The Lena basin is remote, even for Siberia.  Is it possible for independent travelers to explore the region — at least between Lake Baikal and Yakutsk? Is Russian fluency a must for travelers in the region?

JT: One can take a ferry during July and August from Ust'Kut to Yakutsk.  But note that visitors to Yakutsk now require a special permit.  Otherwise, the few roads are frequently impassible owing to mud and ice; the climate and distances are daunting, even dangerous.  On the whole, eastern Siberia isn't really for inexperienced travelers.

That said, one can take the train from Moscow (or Beijing) to Lake Baikal (getting off at Irkutsk), and also fly into and out of Yakutsk from Moscow.  The incredibly vast expanses in between will probably remain remoter than remote for outsiders, however, unless you build your own boat and hire a guide, as I did. 

I don't think most people could travel around the region enjoyably without at least survival Russian and knowledge of the Cyrillic alphabet.  If other languages are spoken, they're likely to be Buryat or Yakut. 

Lena River aside, first-timers to Siberia invariably visit Irkutsk, the "Paris of Siberia".  I visited the city myself a few years ago, and found it fascinating.  Besides Irkutsk, what Siberian destinations might be worth a visit for travelers with a limited amount of time in the region?
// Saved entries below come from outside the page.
Lemma setN_lty n (Omega : set 'rV[R]_n) :
  open Omega -> bounded_set Omega -> (lebN R n (setN Omega) < +oo)%E.
Proof.
move=> Omega_open [M [_ Omega_le]].
have sub : setN Omega `<=` RNbox n (fun=> - (M + 2)) (fun=> M + 2).
  move=> p Omega_p; apply/RNboxE => i lt_in.
  have p_le : `|to_rV p| <= M + 1 by apply: (Omega_le (M + 1)); rewrite ?ltrDl.
  have := le_trans (coord_le_norm (to_rV p) (Ordinal lt_in)) p_le.
  by rewrite mxE ler_norml => /andP[? ?]; apply/andP; split; lra.
apply: le_lt_trans (RNbox_lty n _ _).
by apply: le_measure sub; rewrite inE; [exact: measurable_setN | exact: measurable_RNbox].
Qed.

End lebesgue_RN.

Theorem lemma3p1 (R : realType) (N : nat) (Omega : set 'rV[R]_N)
    (lambda delta T : R) (u0 : 'rV[R]_N -> R) :
  open Omega -> connected Omega -> bounded_set Omega -> Omega !=set0 ->
  0 < lambda -> 0 < delta < 1 -> 0 < T ->
  L2 Omega u0 ->
  let M := L2norm Omega u0 + 1 in
  exists L : R, forall u1 u2 : R -> 'rV[R]_N -> R,
    Y_M Omega T M u1 -> Y_M Omega T M u2 ->
    forall t, 0 <= t <= T ->
      L2norm Omega (fun x => f_delta Omega lambda delta (u1 t) x
                             - f_delta Omega lambda delta (u2 t) x)
        <= L * L2norm Omega (fun x => u1 t x - u2 t x).
Proof.
move=> Omega_open _ Omega_bounded _ lambda_gt0 /andP[delta_gt0 _] _ _ M.
set m := fine (lebN R N (setN Omega)).
exists (Num.sqrt (8 * lambda ^+ 2 * delta^-1 ^+ 6 * (1 + delta^-1 ^+ 2 * m ^+ 2))).
move=> u1 u2 [[u1_L2 _] _] [[u2_L2 _] _] t t_in.
have [mu1 iu1] := u1_L2 t t_in; have [mu2 iu2] := u2_L2 t t_in.
exact: (f_delta_on_lipschitz (measurable_setN Omega_open)
  (setN_lty Omega_open Omega_bounded) (ltW lambda_gt0) delta_gt0 mu1 mu2 iu1 iu2).
Qed.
JT: The other great Siberian cities of yore (Tomsk, Krasnoyarsk, and Omsk) come to mind as the most attractive, and they're also along the main rail line, which makes them convenient, as long as one doesn't mind a three- or four-day train ride from Moscow.  Ulan-Ude, which is even farther east, is a stark town amid Mongolian steppes that I found intriguing during my sojourn in 1993; from there you can visit the Buddhist shrine at Datsan.  There's no tourist infrastructure set up in these places, but that has to be part of the charm.  Few road rubes are likely to get anywhere near eastern Siberia.

River of No Reprieve: Descending Siberia's Waterway of Exile, Death and Destiny, (Houghton Mifflin, $24.00) debuted in bookstores last month.